Que se cuidem os ocidentais que ciscam no mesmo terreno. Aprontem-se para competir com a "qualidade" chinesa, que é a que o consumidor de hoje procura e almeja, ou seja, com o preço arrasadoramente baixo do que produz e põe no mercado mundial, como sapatos de boa aparência, vendidos a R$ 19,00 em algumas sapatarias do Rio e de São Paulo, a sofisticados produtos eletrônicos, especialidade de japoneses e coreanos em passado recentíssimo.
Os que ainda não sabiam fiquem sabendo que a China já é a quarta economia do mundo, superada apenas pelos Estados Unidos, Japão e Alemanha. E vai ser a primeira, escrevam.

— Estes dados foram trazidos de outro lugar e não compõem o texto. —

(* Let $\{\mu_n\}$ and $\mu$ be Borel probability measures on $\mathbb R^s$ with compact supports, and suppose $\mu_n\to\mu$ weakly. Then $\mathcal Z(\mu)=\emptyset$ if and only if there exist $\varepsilon>0$ and $N>0$ such that $\mathcal Z(\mu_n)=\emptyset$ for all $n\ge N$ and $$\sup_{n\ge N,\ \xi\in[0,1)^s}\ \min\{|k|:k\in\mathbb Z^s,\ |\widehat{\mu_n}(\xi+k)|\ge\varepsilon\}<\infty$$ (in particular, the set over which the minimum is taken is nonempty for every $n\ge N$ and $\xi\in[0,1)^s$).
   Context: $\widehat\mu(\xi)=\int e^{2\pi i\langle x,\xi\rangle}d\mu(x)$, and $\mathcal Z(\mu)=\{\xi\in[0,1)^s:\widehat\mu(\xi+k)=0\text{ for all }k\in\mathbb Z^s\}$. Weak convergence means $\int f\,d\mu_n\to\int f\,d\mu$ for all continuous compactly supported $f$. *)

From HB Require Import structures.
From mathcomp Require Import all_boot all_order all_algebra.
From mathcomp Require Import all_classical all_reals all_analysis.
From mathcomp Require Import complex.
Set Implicit Arguments. Unset Strict Implicit. Unset Printing Implicit Defensive.
Import Order.TTheory GRing.Theory Num.Theory.
Import numFieldNormedType.Exports.
Local Open Scope classical_set_scope.
Local Open Scope ring_scope.
(* Let $\mathcal{T}=\{T(t,s):t\ge s\}$ be a linear evolution process in a Banach space $X$, $f:\mathbb{R}\times X\to X$ continuous and differentiable in $x$ with continuous derivative, and assume the mild solutions $y(t,s;y_s)=T(t,s)y_s+\int_s^tT(t,\tau)f(\tau,y(\tau,s;y_s))d\tau$ exist for all $t\ge s$, defining the nonlinear evolution process $\mathcal{S}_f$, $S_f(t,s)y_s=y(t,s;y_s)$. Let $\xi$ be a global solution of $\mathcal{S}_f$ which is nonuniform hyperbolic, i.e. its linearized process $\mathcal{L}_f$ admits a nonuniform exponential dichotomy with projections $\{Q(s)\}$, bound $K(s)=De^{\nu|s|}$ and exponent $\alpha>\nu$. Then: (a) every bounded global solution $\varphi$ of $\mathcal{S}_f$ satisfies $$\varphi(t)=\int_{-\infty}^{+\infty}G_f(t,\tau)\big[f(\tau,\varphi(\tau))-D_xf(\tau,\xi(\tau))\varphi(\tau)\big]d\tau,\quad t\in\mathbb{R},$$ where $G_f(t,s)=L_f(t,s)(Id_X-Q(s))$ for $t\ge s$ and $G_f(t,s)=-L_f(t,s)Q(s)$ for $t<s$; (b) if moreover $\xi$ is bounded and $$\rho(\epsilon):=\sup_{0<\|x\|\le\epsilon}\sup_{t\in\mathbb{R}}\frac{e^{\nu|t|}\|f(t,\xi(t)+x)-f(t,\xi(t))-D_xf(t,\xi(t))x\|}{\|x\|}\to0\ \text{ as }\epsilon\to0,$$ then $\xi$ is isolated in $C_b(\mathbb{R},X)$: there is $\epsilon>0$ such that $\xi$ is the only bounded global solution $\varphi$ of $\mathcal{S}_f$ with $\sup_{t\in\mathbb{R}}\|\varphi(t)-\xi(t)\|\le\epsilon$.
   Context: A global solution of an evolution process $\mathcal{S}$ is a map $\xi:\mathbb{R}\to X$ with $S(t,s)\xi(s)=\xi(t)$ for all $t\ge s$. The linearized evolution process of $\mathcal{S}_f$ along $\xi$ is the linear evolution process $\mathcal{L}_f=\{L_f(t,s):t\ge s\}$ satisfying $L_f(t,s)=T(t,s)+\int_s^tT(t,\tau)D_xf(\tau,\xi(\tau))L_f(\tau,s)d\tau$; $\xi$ is a nonuniform hyperbolic solution if $\mathcal{L}_f$ admits a nonuniform exponential dichotomy. A linear evolution process $\{S(t,s)\}$ admits a nonuniform exponential dichotomy if there is a family of bounded projections $\{Q(t)\}_{t\in\mathbb{R}}$ with: (i) $Q(t)S(t,s)=S(t,s)Q(s)$ for $t\ge s$; (ii) $S(t,s)|_{R(Q(s))}:R(Q(s))\to R(Q(t))$ is an isomorphism for $t\ge s$, with inverse denoted $S(s,t)$; (iii) there are a continuous $K:\mathbb{R}\to[1,\infty)$ with $K(s)\le De^{\nu|s|}$ ($D\ge1$, $\nu\ge0$) and $\alpha>0$ with $\|S(t,s)(Id-Q(s))\|\le K(s)e^{-\alpha(t-s)}$ for $t\ge s$ and $\|S(t,s)Q(s)\|\le K(s)e^{\alpha(t-s)}$ for $t<s$. $C_b(\mathbb{R},X)$ denotes the bounded continuous functions $\mathbb{R}\to X$ with the sup norm. *)

(* X is a real Banach space, i.e. a
   CompleteNormedModule over R_AbsRing; integrals of X-valued functions are
   Coquelicot's (Riemann) integrals is_RInt / improper integrals is_RInt_gen. *)
From Stdlib Require Import Reals.
From Coquelicot Require Export Coquelicot.
Open Scope R_scope.

Section Defs.
Context {X : CompleteNormedModule R_AbsRing}.
Definition is_inner_product (V : lmodType C) (ip : V -> V -> C) : Prop :=
  [/\ forall x y, ip y x = (ip x y)^*,
      forall (a : C) x y z, ip x (a *: y + z) = a * ip x y + ip x z,
      forall x, 0 <= ip x x &
      forall x, ip x x = 0 -> x = 0].

Definition ip_complete (V : lmodType C) (ip : V -> V -> C) : Prop :=
  forall u : nat -> V,
    (forall e : C, 0 < e -> exists N, forall m n, (N <= m)%N -> (N <= n)%N ->
        ipnorm ip (u m - u n) < e) ->
    exists l : V, forall e : C, 0 < e -> exists N, forall n, (N <= n)%N ->
        ipnorm ip (u n - l) < e.

Definition is_hilbert (V : lmodType C) (ip : V -> V -> C) : Prop :=
  is_inner_product ip /\ ip_complete ip.

Definition continuous_dense_embedding (T : topologicalLmodType C)
    (h : lmodType C) (iph : h -> h -> C) (iota : T -> h) : Prop :=
  [/\ forall (a : C) f f', iota (a *: f + f') = a *: iota f + iota f',
      injective iota,
      forall f (e : C), 0 < e -> \forall f' \near f, ipnorm iph (iota f' - iota f) < e &
      forall (v : h) (e : C), 0 < e -> exists f, ipnorm iph (v - iota f) < e].

Definition in_dual (T : topologicalLmodType C) (phi : T -> C) : Prop :=
  (forall (a : C) f f', phi (a *: f + f') = a^* * phi f + phi f') /\
  (forall f (e : C), 0 < e -> \forall f' \near f, `|phi f' - phi f| < e).

Definition pairing (T : topologicalLmodType C) (phi : T -> C) (f : T) : C := (phi f)^*.

(* ---------- F_fin(T): formal finite linear combinations  sum_k c_k (psi_1 (x)_s ... (x)_s psi_n)
   An entry (c, [:: psi_1; ...; psi_n]) stands for c * psi_1 (x)_s ... (x)_s psi_n, where
   (x)_s is the symmetrization  psi_1 (x)_s ... (x)_s psi_n = 1/n! sum_sigma psi_sigma(1) (x) ... ;
   the empty list stands for the vacuum. *)

Definition ffin (T : topologicalLmodType C) := seq (C * seq T).

Definition ffin_scale (T : topologicalLmodType C) (a : C) (Psi : ffin T) : ffin T :=
  [seq (a * x.1, x.2) | x <- Psi].

Definition sym_ip (T : topologicalLmodType C) (h : lmodType C) (iph : h -> h -> C)
    (iota : T -> h) (s t : seq T) : C :=
  if size s == size t then
    ((size s)`!%:R)^-1 *
      \sum_(sigma : 'S_(size s)) \prod_(i < size s)
          iph (iota (nth 0 s i)) (iota (nth 0 t (sigma i)))
  else 0.

Definition fock_ip (T : topologicalLmodType C) (h : lmodType C) (iph : h -> h -> C)
    (iota : T -> h) (Psi Phi : ffin T) : C :=
  \sum_(x <- Psi) \sum_(y <- Phi) (x.1)^* * y.1 * sym_ip iph iota x.2 y.2.

Definition annih_el (T : topologicalLmodType C) (g : T -> C) (x : C * seq T) : ffin T :=
  let n := (size x.2).-1 in
  if x.2 is [::] then [::] else
  [seq (x.1 * (sqrtC (n.+1)%:R / (n.+1)`!%:R) * pairing g (nth 0 x.2 (sigma ord0)),
        [seq nth 0 x.2 (sigma (lift ord0 i)) | i <- enum 'I_n])
   | sigma : 'S_(n.+1)].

O chinês, além de paciente, é persistente, qualidades que se aglutinam -e que são imbatíveis quando se aglutinam.
Mas não foi o progresso comercial e tecnológico chinês que me trouxe à memória o "Paraíso perdido". Quero mais que a China progrida em paz, que compita no mercado mundial com produtos de boa qualidade e bom preço. A própria explosão do tal muro, que levantou uma onda de quase 30 metros no plácido rio Yangtze, e poderia, pela quantidade de explosivos utilizada destruir 400 prédios de dez andares, não me surpreendeu nem amedrontou. A vida já me calejou para sustos dessa grandeza.
O que me trouxe à lembrança os versos de Milton foi uma pequena observação perdida no corpo da notícia: o projeto da represa de Três Gargantas, diz o jornal, é considerado um triunfo da engenharia, "mas poderá trazer muitos problemas ambientais". Só uma pergunta, diante disso. Duas, na verdade; "perguntar não ofende", já dizia o humorista: Quando, afinal, vamos fazer a nossa parte?
Quantos paraísos teremos perdido, então?


AUGUSTO MARZAGÃO, jornalista, é autor do livro "Memorial do Presente" (Nova Fronteira). Foi secretário da Comunicação Institucional da Presidência da República (governo Itamar Franco) e secretário particular dos presidentes Jânio Quadros e José Sarney.